What is our primary use case?
Software Composition Analysis (SCA) is used to detect vulnerabilities in open source libraries, which are used by our customers for their own product.
We are a consulting company who provides consulting services to clients. We don't buy the software for our own internal use. However, we advise customers about which solutions will fit their environment.
Most of our clients use SCA for cloud applications.
How has it helped my organization?
For application security, the SCA product from Veracode is a good solution. It has a good balance. Altogether, the balance between the outcome of the tool, the speed of the tool, and its cost make it a good choice.
One of the reasons why we recommend Veracode because it is very important in that SAST and SCA tools, independently from the vendor, should work seamlessly within the build pipeline. Veracode does a good job in this respect.
In this day and age, all software is developed using a large amount of open source libraries. It is kind of unavoidable. Any product application has a lot of embedded libraries. In our experience, many times customers don't realize that it is not just a code that can be vulnerable, but also an open source library that they may take for granted. In many ways, this has been a learning experience for the customers to understand that there are other components to open source libraries, and that SCA is an invaluable tool to address those issues.
What is most valuable?
SCA provides guidance for fixing vulnerabilities.

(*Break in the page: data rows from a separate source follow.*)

(* A graph is given by a duplicate-free list E of edges (pairs of vertices).
   Edges are identified with their indices in E, i.e. elements of 'I_(size E). *)

Definition edge_of (E : seq (nat * nat)) (i : 'I_(size E)) : nat * nat :=
  nth (0, 0) E i.

Definition vdisjoint (e f : nat * nat) : bool :=
  [&& e.1 != f.1, e.1 != f.2, e.2 != f.1 & e.2 != f.2].

Definition is_matching (E : seq (nat * nat)) (M : {set 'I_(size E)}) : bool :=
  [forall i in M, forall j in M, (i != j) ==> vdisjoint (edge_of i) (edge_of j)].

Definition is_maximal_matching (E : seq (nat * nat)) (M : {set 'I_(size E)}) : bool :=
  is_matching M && [forall M' : {set 'I_(size E)}, (M \proper M') ==> ~~ is_matching M'].

Definition Psi (E : seq (nat * nat)) : nat :=
  #|[set M : {set 'I_(size E)} | is_maximal_matching M]|.

(* Annelation type of an interior hexagon: the edge shared with the next
   hexagon is opposite to the edge shared with the previous one (Straight),
   or at one of the two non-adjacent, non-opposite positions (kinks). *)
Inductive annel := Straight | KinkL | KinkR.

Definition hex0_edges : seq (nat * nat) :=
  [:: (0, 1); (1, 2); (2, 3); (3, 4); (4, 5); (5, 0)].

(* new hexagon glued along the edge {x,y} of the previous hexagon, with
   fresh vertices k, k+1, k+2, k+3; its boundary cycle is x,k,k+1,k+2,k+3,y *)
Definition hex_edges (x y k : nat) : seq (nat * nat) :=
  [:: (x, k); (k, k.+1); (k.+1, k.+2); (k.+2, k.+3); (k.+3, y)].

(* edge of the hexagon with fresh vertices k..k+3 (glued along {x,y}) along
   which the next hexagon is glued; the shared edges are never adjacent *)
Definition next_edge (a : annel) (k : nat) : nat * nat :=
  match a with
  | Straight => (k.+1, k.+2)
  | KinkL => (k, k.+1)
  | KinkR => (k.+2, k.+3)
  end.

(* hexagons 2,...,n, glued successively; ws lists the annelation types of the
   interior hexagons, the last glued hexagon is terminal *)
Fixpoint tail_edges (ws : seq annel) (x y k : nat) : seq (nat * nat) :=
  match ws with
  | [::] => hex_edges x y k
  | w :: ws' =>
      hex_edges x y k ++ tail_edges ws' (next_edge w k).1 (next_edge w k).2 (k + 4)
  end.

It provides extensive guidance for both writing secure code and pointing to vulnerable open source libraries are being used.
From the time it takes for the solution to detect a vulnerability, both in the source code and the open source library, it is efficient.

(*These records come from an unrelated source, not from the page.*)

Definition positive_generalized_portfolio (Sset : traj -> Prop)
  (P : nat -> simple_portfolio) : Prop :=
  generalized_portfolio Sset P /\
  forall j w, Sset w -> wealth (P 0%nat) j w = 0.

Definition initial_endowment (P : nat -> simple_portfolio) : Rbar :=
  series_Rbar (fun m => spV (P m)).

Definition total_wealth (P : nat -> simple_portfolio) (w : traj) : Rbar :=
  series_Rbar (fun m => wealth_inf (P m) w).

Definition superhedges (Sset : traj -> Prop) (f : traj -> Rbar)
  (P : nat -> simple_portfolio) : Prop :=
  forall w, Sset w -> Rbar_le (f w) (total_wealth P w).

Definition Ibar (Sset : traj -> Prop) (f : traj -> Rbar) : Rbar :=
  Rbar_glb (fun v => exists P, positive_generalized_portfolio Sset P /\
                        superhedges Sset f P /\ initial_endowment P = v).

Definition LOP (Sset : traj -> Prop) : Prop :=
  forall p q : simple_portfolio,
    (forall w, Sset w -> wealth_inf p w = wealth_inf q w) -> spV p = spV q.

(* (K): for f = Pi_infty^{V,n,H} in E, I(f) = V and
   I(f) + \bar I(f^-) <= \bar I(f^+). *)
Definition condK (Sset : traj -> Prop) : Prop :=
  forall p : simple_portfolio,
    Rbar_le (Rbar_plus (Finite (spV p))
               (Ibar Sset (fun w => Finite (Rmax (- wealth_inf p w) 0))))
            (Ibar Sset (fun w => Finite (Rmax (wealth_inf p w) 0))).

Definition norm (Sset : traj -> Prop) (f : traj -> Rbar) : Rbar :=
  Ibar Sset (fun w => Rbar_abs (f w)).

Definition indicator (A : traj -> Prop) (w : traj) : Rbar :=
  Finite (match excluded_middle_informative (A w) with
          | left _ => 1 | right _ => 0 end).

Definition null_set (Sset : traj -> Prop) (A : traj -> Prop) : Prop :=
  norm Sset (indicator A) = Finite 0.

Within SCA, there is an extremely valuable feature called vulnerable methods. It is able to determine within a vulnerable library which methods are vulnerable. That is very valuable, because in the vast majority of cases where a library is vulnerable, none of the vulnerable methods are actually used by the code. So, if we want to prioritize the way open source libraries are updated when a library is found vulnerable, then we want to prioritize the libraries which have vulnerable methods used within the code.
The Static Analysis Pipeline Scan is faster than the traditional scan that Veracode has. All Veracode products are fast. I have no complaints. On average, a piece of code for a customer takes 15 to 20 minutes to build versus the Static Analysis Pipeline Scan of Veracode that takes three or four minutes. So, that is 20 to 30 percent of the total time, which is fairly fast.
What needs improvement?
Most of our time is spent configuring the SAST and SCA tools. I would consider that one of the weak points of the product. Otherwise, once the product is set up on the computer, it is fairly fast.
Like many tools, Veracode has a good number of false positives. However, there are no tools at this point in the market that they can understand the scope of an application. For example, if I have an application with only internal APIs and no UI, Veracode can detect that. It might detect that the HTML bodies of the requests are not sanitized, so it would then be prone to cross-site injections and SQL injections. But, in reality, that is a false positive. It will be almost impossible for a tool to understand the scope unless we start using machine learning and AI. So, it's inevitable at this point that there are false positives. Obviously, that doesn't make the developers happy, but I don't think there is another way around this, but it is not just because of Veracode. It's just the nature of the problem, which cannot be solved with current technologies.
Once we explain to the developers why there are false positives, they understand. In Veracode, embedded features (where there are false positives) can be flagged as such. So, next time that they run the same scan, the same "vulnerability" will be still flagged as a false positive. Therefore, it's not that bad from that point of view.
Veracode has a few shortcomings in terms of how they handle certain components of the UI. For example, in the case of the false positive, it would be highly desirable if the false positive don't show up again on the UI, instead still showing up for any subsequent scan as a false positive. There is a little bit of cluttering that could be avoided. However, that is not necessarily a shortcoming of the product. I think it's more of a shortcoming of the UI. It's just the way it's visualized. However, going forward, I personally don't want to see any more vulnerabilities that I already flagged as a false positive.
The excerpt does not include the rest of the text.